Side warning: I would not recommend reading this on a smaller screen (e.g. phone) as the math might not render fully.

#### Modeling the effect of causal variant (binary phenotype)

Suppose there’s a biallelic disease locus with alleles A and a, where A is the risk allele. Further suppose that each individual in the population is haploid and that their genotype at the causal locus is denoted by $$A$$ which is 1 if they carry the risk allele and 0 otherwise. Haploidy makes the derivation easier to follow but the result can easily be extended to dploid genotypes as well.

So, if we use $$Y \in \{0,1\}$$ to indicate disease status, where 0 indicates being healthy and 1 indicates having the disease, we can express the risk of each allele in terms as:

\begin{aligned} P(Y = 1|A = 0) = \alpha_0,~~ and ~~P(Y = 1|A = 1) = \alpha_1 \end{aligned}

One way to model the effect size of the disease locus is with a log risk regression model:

$\pi =\mu_A + \beta_{causal} A$

where the left hand side is the probability of developing the disease, $$\mu_A$$ is the baseline prevalence (or the probability of disease in individuals not carrying the risk allele), and $$\beta_{causal}$$ represents the effect size.

Note, for disease risk, we typically use a log risk regression model (i.e. where the response is modeled as $$log \left( \pi \right)$$) or a logistic regression model (i.e. where the response is modeled as log odds or $$log \left( \frac{\pi}{1 - \pi} \right)$$). I’m sticking to $$\pi$$ here because the result we’re after is easier to derive though the conclusions are similar for the other two models.

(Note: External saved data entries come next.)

(* Let $\lambda>0$, ${\rm T}>0$, $\mu>0$, $\sigma^2\ge 0$, $\alpha>2$ and $0<a\le 1$. For $\gamma_1\in(0,a)$ put $\gamma_2=a-\gamma_1$ and $$\mathrm{DSR}(\gamma_1)=\lambda\gamma_2\,p_{\rm cov}({\rm T},\lambda\gamma_1,\alpha).$$ If $\gamma_1^*\in(0,a)$ is a point at which $\mathrm{DSR}$ attains its maximum over $(0,a)$, then $\gamma_1^*<a/2<\gamma_2^*=a-\gamma_1^*< a\le 1$.
   Context: For $x>0$ the coverage probability is $$p_{\rm cov}({\rm T},x,\alpha)=\pi x\int_0^\infty e^{-\pi x r\,\beta({\rm T},\alpha)-\mu{\rm T}\sigma^2 r^{\alpha/2}}\,dr,$$ where $$\beta({\rm T},\alpha)=\frac{2(\mu{\rm T})^{2/\alpha}}{\alpha}\,\mathbb{E}\Big[g^{2/\alpha}\big(\Gamma(-2/\alpha,\mu{\rm T}g)-\Gamma(-2/\alpha)\big)\Big]>0,$$ with $g$ exponentially distributed with rate $\mu$ and $\Gamma(\cdot,\cdot)$ the upper incomplete Gamma function. This is the SINR coverage probability of a typical receiver served by its nearest transmitter when the transmitters form a homogeneous Poisson point process of intensity $x$, with Rayleigh fading, path loss exponent $\alpha$, transmit power $1/\mu$ and noise power $\sigma^2$. In the single-file model, the users form a homogeneous PPP of intensity $\lambda$. Independently, each user is a transmitter (fraction $\gamma_1$) or a receiver (fraction $\gamma_2$), with $\gamma_1+\gamma_2=a$. $\mathrm{DSR}$ denotes the density of successful receptions. *)

From Stdlib Require Import Reals Lra ClassicalEpsilon.
Open Scope R_scope.

(* [improper_int_from lo f l]: the improper Riemann integral of f over
   (lo, +oo) converges to l, i.e. RiemannInt f over [u, b] tends to l as
   u -> lo+ and b -> +oo. (f is never evaluated at lo itself, so
   integrable singularities at lo are allowed.) *)
Definition improper_int_from (lo : R) (f : R -> R) (l : R) : Prop :=
  forall eps, 0 < eps ->
    exists d M, 0 < d /\
      forall u b, lo < u -> u < lo + d -> M < b -> u < b ->
        exists pr : Riemann_integrable f u b, Rabs (RiemannInt pr - l) < eps.

(* The value of the improper integral int_lo^oo f (chosen by Hilbert's
   epsilon; the limit is unique whenever it exists; 0 if it does not). *)
Definition IntFrom (lo : R) (f : R -> R) : R :=
  epsilon (inhabits 0) (fun l => improper_int_from lo f l).

Definition euler_gamma (s : R) : R :=
  IntFrom 0 (fun t => Rpower t (s - 1) * exp (- t)).

(* Gamma extended to -1 < s < 0 by the functional equation
   Gamma(s) = Gamma(s+1)/s (analytic continuation). *)
Definition gamma_ext (s : R) : R :=
  if Rlt_dec 0 s then euler_gamma s else euler_gamma (s + 1) / s.

Definition upper_gamma (s x : R) : R :=
  IntFrom x (fun t => Rpower t (s - 1) * exp (- t)).

(* beta(T, alpha) = 2 (mu T)^(2/alpha) / alpha *
     E[ g^(2/alpha) (Gamma(-2/alpha, mu T g) - Gamma(-2/alpha)) ],
   g ~ Exp(rate mu), density mu e^(-mu g) on (0, oo). *)
Definition beta_fn (mu T alpha : R) : R :=
  2 * Rpower (mu * T) (2 / alpha) / alpha *
  IntFrom 0 (fun g => mu * exp (- (mu * g)) *
     (Rpower g (2 / alpha) *
      (upper_gamma (- (2 / alpha)) (mu * T * g) - gamma_ext (- (2 / alpha))))).

Definition p_cov (mu sigma2 T x alpha : R) : R :=
  PI * x * IntFrom 0 (fun r =>
     exp (- (PI * x * r * beta_fn mu T alpha)
          - mu * T * sigma2 * Rpower r (alpha / 2))).

Definition DSR (lam a mu sigma2 T alpha gamma1 : R) : R :=
  lam * (a - gamma1) * p_cov mu sigma2 T (lam * gamma1) alpha.

From Stdlib Require Import Reals Lra ClassicalEpsilon.
From Coquelicot Require Import Coquelicot.
Open Scope R_scope.

(* DSR (g) = PI lam^2 g (a - g) I (lam g), where I (x) is the integral over r > 0 of
   exp (- PI x beta r - mu T sigma^2 r^(alpha/2)). Since Gamma (-2/alpha) < 0 < Gamma (-2/alpha, y),
   beta > 0, so I is decreasing, and even I (x') >= I (x) + kappa (x - x') with kappa > 0.
   Moving g >= a/2 to g - eps costs the factor g (a - g) at most eps^2 but gains a multiple of eps
   in I, so for small eps DSR strictly increases: no maximiser lies in [a/2, a). *)

Lemma exp_le x y : x <= y -> exp x <= exp y.
Proof. intros [H | ->]; [left; apply exp_increasing | right]; auto. Qed.

Lemma Rpower_pos t p : 0 < Rpower t p.
Proof. apply exp_pos. Qed.

Lemma continuous_eps_delta (f : R -> R) x :
  continuous f x -> forall eps, 0 < eps ->
  exists d, 0 < d /\ forall y, Rabs (y - x) < d -> Rabs (f y - f x) < eps.
Proof.
  intros Hf eps Heps.
  destruct (proj2 (continuity_pt_filterlim f x) Hf eps Heps) as [d [Hd H]].
  exists d; split; auto. intros y Hy.
  destruct (Req_dec y x) as [-> | Hne].
  - unfold Rminus; rewrite Rplus_opp_r, Rabs_R0; auto.
  - apply H; repeat split; auto.
Qed.

(* Coquelicot's versions are stated for a generic normed module and do not unify with real goals. *)
Lemma RInt_Chasles_R f a b c : ex_RInt f a b -> ex_RInt f b c ->
  RInt f a b + RInt f b c = RInt f a c.
Proof. intros. apply (RInt_Chasles (V := R_CompleteNormedModule)); auto. Qed.

Lemma RInt_swap_R f a b : ex_RInt f a b -> RInt f b a = - RInt f a b.
Proof. intros. symmetry. apply (opp_RInt_swap (V := R_CompleteNormedModule)); auto. Qed.

Lemma RInt_minus_R f g a b : ex_RInt f a b -> ex_RInt g a b ->
  RInt (fun x => f x - g x) a b = RInt f a b - RInt g a b.
Proof. intros. apply (RInt_minus (V := R_CompleteNormedModule)); auto. Qed.

Lemma RInt_scal_R f a b c : ex_RInt f a b ->
  RInt (fun x => c * f x) a b = c * RInt f a b.
Proof. intros. apply (RInt_scal (V := R_CompleteNormedModule)); auto. Qed.

Lemma RInt_by_antiderivative (F f : R -> R) a b :
  (forall x, Rmin a b <= x <= Rmax a b -> is_derive F x (f x)) ->
  (forall x, Rmin a b <= x <= Rmax a b -> continuous f x) ->
  RInt f a b = F b - F a.
Proof.
  intros HF Hf. apply is_RInt_unique.
  apply (is_RInt_derive (V := R_CompleteNormedModule)); auto.
Qed.

Definition continuous_above (lo : R) (f : R -> R) : Prop :=
  forall x, lo < x -> continuous f x.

Because $$\alpha_0 = \mu_A$$ and $$\alpha_1 = \mu_A + \beta_{causal}$$, the effect size $$\beta_{causal}$$ can be obtained by subtraction:

\begin{aligned} & P(Y = 1|A = 1) - P(Y = 1|A = 0) \\ & = \alpha_1 - \alpha_0 \\ & = \mu_A + \beta_{causal} - \mu_A \\ & = \beta_{causal} \end{aligned}

Our goal is to answer the question: How does the effect size of a tag SNP vary as a function of the LD with the causal variant?

#### Modeling the effect of the tag SNP (binary phenotype)

Let’s assume that the tag SNP (with alleles B and b) itself has no intrinsic effect on disease risk. Thus, the risk of individuals carrying the B allele depends on how often it co-occurs with the risk allele at the causal locus (i.e. its correlation with alleles at the causal locus). So, to derive the marginal effect size at the tag SNP, we need to average over the allele at the causal variant. To do this, let’s first define the genotype at the tag locus as $$B$$, which is 1 if individuals carry the B allele and 0 if they carry the b allele. The risk of carrying these alleles can be expressed as:

\begin{aligned} P(Y = 1|B = 0) = \gamma_0,~~ and ~~P(Y = 1|B = 1) = \gamma_1 \end{aligned}

Then, the effect size at the tag SNP ($$\beta_{tag}$$) is $$\gamma_1 - \gamma_0$$ similar to how we derived it for the causal locus.

Let’s first work out the risk carried by the b allele:

\begin{aligned} & P(Y = 1|B = 0) = \frac{P(Y = 1,B = 0)}{P(B = 0)} \end{aligned}

To calculate the numerator, we marginalize over the alleles at the causal variant.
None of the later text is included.